Recentemente, dal 21 al 22 marzo scorsi, si è svolta ad Addis Abeba, in Etiopia, la 55° sessione della Conferenza dei ministri africani delle finanze, della pianificazione e dello sviluppo economico alla quale ha preso parte Hanan Morsy, vicesegretario esecutivo e capo economista della Commissione economica per l’Africa delle Nazioni Unite (Eca). Nel corso del suo intervento, Morsy ha presentato la lista dei Paesi africani oggi più colpiti dalla povertà: Burundi, Somalia, Madagascar, Sud Sudan, Repubblica Centrafricana, Malawi, Repubblica Democratica del Congo, Guinea-Bissau, Mozambico e Zambia. Citando una ricerca condotta dall’Eca, Morsy ha affermato che le famiglie africane spendono fino al 40 per cento del loro reddito per il cibo e che le crisi globali hanno colpito duramente le famiglie più povere del continente. Considerando che la popolazione africana è attualmente di un miliardo e 400 milioni di abitanti, sulla base di questa ricerca, sono circa 310 milioni gli africani che hanno sperimentato una qualche forma di insicurezza alimentare e 6 milioni quelli hanno affrontato la fame estrema nel 2022. Da rilevare che nei dieci Paesi più poveri del continente vi è una quota della popolazione che oscilla tra il 60 e l’82 per cento che sopravvive al di sotto della soglia di povertà, stimata dalle Nazioni Unite in 1,25 dollari al giorno. Morsy ha anche sottolineato che «livelli significativi di povertà e disuguaglianza esistevano già in Africa prima delle recenti crisi globali. Ma ora la povertà si è aggravata e le disuguaglianze si sono ampliate», precisando che oggi, circa 546 milioni di persone vivono in povertà, con un aumento del 74 per cento dal 1990. Alla luce di queste sommarie considerazioni, tenendo conto che nel nostro pianeta la popolazione è già oltre la soglia degli 8 miliardi, le parole del compianto Sergio Zavoli, a cui chi scrive fu legato da una forte amicizia, sono illuminanti. «Siamo nati per essere l’umanità. Il compito cruciale dovrà essere quello di conciliare e sciogliere le diversità per unirle, spenderle nel nome delle condivisioni, non delle separatezze».

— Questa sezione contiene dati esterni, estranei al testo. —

Lemma is_RInt_Rpower al a b : 0 < a <= b -> 1 + al <> 0 ->
  is_RInt (fun x => Rpower x al) a b ((Rpower b (1 + al) - Rpower a (1 + al)) / (1 + al)).
Proof.
  intros Hab Hal.
  replace ((Rpower b (1 + al) - Rpower a (1 + al)) / (1 + al))
    with (minus (/ (1 + al) * Rpower b (1 + al)) (/ (1 + al) * Rpower a (1 + al)))
    by (unfold minus, plus, opp; simpl; field; exact Hal).
  apply (is_RInt_derive (fun x => / (1 + al) * Rpower x (1 + al)));
    rewrite Rmin_left, Rmax_right by lra; intros x Hx.
  - auto_derive; [apply ex_derive_Rpower; lra|].
    rewrite Derive_Rpower by lra. replace (1 + al - 1) with al by ring. field. exact Hal.
  - apply (ex_derive_continuous (V := R_NormedModule)). apply ex_derive_Rpower. lra.
Qed.

Section IntegrationByParts.

Variables (u u' v v' : R -> R) (a b : R).
Hypothesis Hab : a <= b.
Hypothesis Hderiv : forall x, a <= x <= b ->
  is_derive u x (u' x) /\ is_derive v x (v' x) /\ continuous u' x /\ continuous v' x.

Let Hcont_u x : a <= x <= b -> continuous u x.
Proof. intros Hx. apply (ex_derive_continuous (V := R_NormedModule)). eexists. apply Hderiv, Hx. Qed.

Let Hcont_v x : a <= x <= b -> continuous v x.
Proof. intros Hx. apply (ex_derive_continuous (V := R_NormedModule)). eexists. apply Hderiv, Hx. Qed.

Lemma ex_RInt_derive_mul : ex_RInt (fun x => u' x * v x) a b.
Proof.
  apply (ex_RInt_continuous (V := R_CompleteNormedModule)).
  rewrite Rmin_left, Rmax_right by lra. intros x Hx.
  apply (continuous_mult (K := R_AbsRing)); [apply Hderiv | apply Hcont_v]; exact Hx.
Qed.

Lemma RInt_mul_derive :
  RInt (fun x => u x * v' x) a b = u b * v b - u a * v a - RInt (fun x => u' x * v x) a b.
Proof.
  assert (Hparts : is_RInt (fun x => u' x * v x + u x * v' x) a b (u b * v b - u a * v a)).
  { apply (is_RInt_derive (fun x => u x * v x)); rewrite Rmin_left, Rmax_right by lra;
      intros x Hx; destruct (Hderiv x Hx) as (Hu & Hv & Hu' & Hv').
    - apply (is_derive_mult (K := R_AbsRing)); [exact Hu | exact Hv | ].
      intros; apply Rmult_comm.
    - apply (continuous_plus (V := R_NormedModule));
        apply (continuous_mult (K := R_AbsRing)); auto using Hcont_u, Hcont_v. }
  rewrite <- (is_RInt_unique _ _ _ _ Hparts).
  rewrite (RInt_ext (fun x => u x * v' x) (fun x => minus (u' x * v x + u x * v' x) (u' x * v x)))
    by (intros; unfold minus, plus, opp; simpl; ring).
  rewrite (RInt_minus (V := R_CompleteNormedModule)).
  - reflexivity.
  - eexists; exact Hparts.
  - exact ex_RInt_derive_mul.
Qed.

(* Bounding [|v| <= M] on the boundary term and against [u' >= 0] inside the integral
   makes the bound telescope to [M (u b + u a) + M (u b - u a)]. *)
Lemma abs_RInt_mul_derive_le (M : R) :
  (forall x, a <= x <= b -> 0 <= u' x /\ Rabs (v x) <= M) -> 0 <= u a ->
  Rabs (RInt (fun x => u x * v' x) a b) <= 2 * M * u b.
Proof.
  intros Hbound Hua.
  assert (Hu'_int : is_RInt u' a b (u b - u a)).
  { apply (is_RInt_derive u u'); rewrite Rmin_left, Rmax_right by lra; apply Hderiv. }
  assert (Hu_incr : u a <= u b).
  { assert (0 <= RInt u' a b).
    { apply RInt_ge_0; [lra | eexists; exact Hu'_int | intros; apply Hbound; lra]. }
    rewrite (is_RInt_unique _ _ _ _ Hu'_int) in H. lra. }
  assert (HM : 0 <= M) by (apply Rle_trans with (Rabs (v a)); [apply Rabs_pos | apply Hbound; lra]).
  assert (HMu' : is_RInt (fun x => M * u' x) a b (M * (u b - u a)))
    by (apply (is_RInt_scal (V := R_NormedModule)); exact Hu'_int).
  assert (HMu'_opp : is_RInt (fun x => - (M * u' x)) a b (- (M * (u b - u a))))
    by (apply (is_RInt_opp (V := R_NormedModule)); exact HMu').
  assert (Hpoint : forall x, a < x < b -> Rabs (u' x * v x) <= M * u' x).
  { intros x Hx. destruct (Hbound x ltac:(lra)) as [Hu' Hv].
    rewrite Rabs_mult, Rabs_pos_eq by exact Hu'. rewrite Rmult_comm.
    apply Rmult_le_compat_r; assumption. }
  assert (Hinner : Rabs (RInt (fun x => u' x * v x) a b) <= M * (u b - u a)).
  { apply Rabs_le. split.
    - rewrite <- (is_RInt_unique _ _ _ _ HMu'_opp).
      apply RInt_le; [lra | eexists; exact HMu'_opp | exact ex_RInt_derive_mul |].
      intros x Hx. specialize (Hpoint x Hx).
      pose proof (Rle_abs (u' x * v x)). pose proof (Rabs_maj2 (u' x * v x)). lra.
    - rewrite <- (is_RInt_unique _ _ _ _ HMu').
      apply RInt_le; [lra | exact ex_RInt_derive_mul | eexists; exact HMu' |].
      intros x Hx. specialize (Hpoint x Hx).
      pose proof (Rle_abs (u' x * v x)). pose proof (Rabs_maj2 (u' x * v x)). lra. }
  assert (Hend : forall x, a <= x <= b -> 0 <= u x -> Rabs (u x * v x) <= M * u x).
  { intros x Hx Hux. rewrite Rabs_mult, Rabs_pos_eq by exact Hux. rewrite Rmult_comm.
    apply Rmult_le_compat_r; [exact Hux | apply Hbound, Hx]. }
  rewrite RInt_mul_derive.
  pose proof (Hend b ltac:(lra) ltac:(lra)). pose proof (Hend a ltac:(lra) Hua).
  pose proof (Rabs_triang (u b * v b - u a * v a) (- RInt (fun x => u' x * v x) a b)).
  pose proof (Rabs_triang (u b * v b) (- (u a * v a))).
  rewrite Rabs_Ropp in *. unfold Rminus in *. lra.
Qed.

La verità è che l’attuale congiuntura, segnata dalla contrapposizione tra Russia e Stati Uniti, a seguito della guerra che insanguina l’Europa orientale, non sembra essere affatto di buon auspicio. «L’Africa ha già subito il peso della storia», ha dichiarato il presidente dell’Unione africana e presidente del Senegal, Macky Sall. «Essa non vuole essere il terreno di coltura di una nuova guerra fredda, ma piuttosto un polo di stabilità e di opportunità aperto a tutti i suoi partner, su una base reciprocamente vantaggiosa». In effetti, l’attuale scenario geopolitico internazionale è tale per cui l’Africa, come abbiamo illustrato, sta già pagando un prezzo molto alto. Nel frattempo le iniziative politiche e macroeconomiche per riscattare le sorti del continente — lo abbiamo spesso lamentato sulle pagine di questo giornale — lasciano molto a desiderare. E qui sovviene l’appello lanciato nell’aprile del 2021 da 250 organizzazioni umanitarie: «Se i governi rinunciassero alle spese militari per sole 26 ore, avremmo 5,5 miliardi di dollari a diposizione per salvare 34 milioni di persone dalla fame nei prossimi mesi in Paesi piegati da guerra, pandemia e cambiamenti climatici». Non si tratta soltanto di essere culturalmente pronti a essere solidali, ma anche eticamente capaci di adeguare le scelte politiche ai principi di equità. Questa è la risurrezione a cui anela l’Africa, nella fede, per chi crede, azzardo dell’utopia.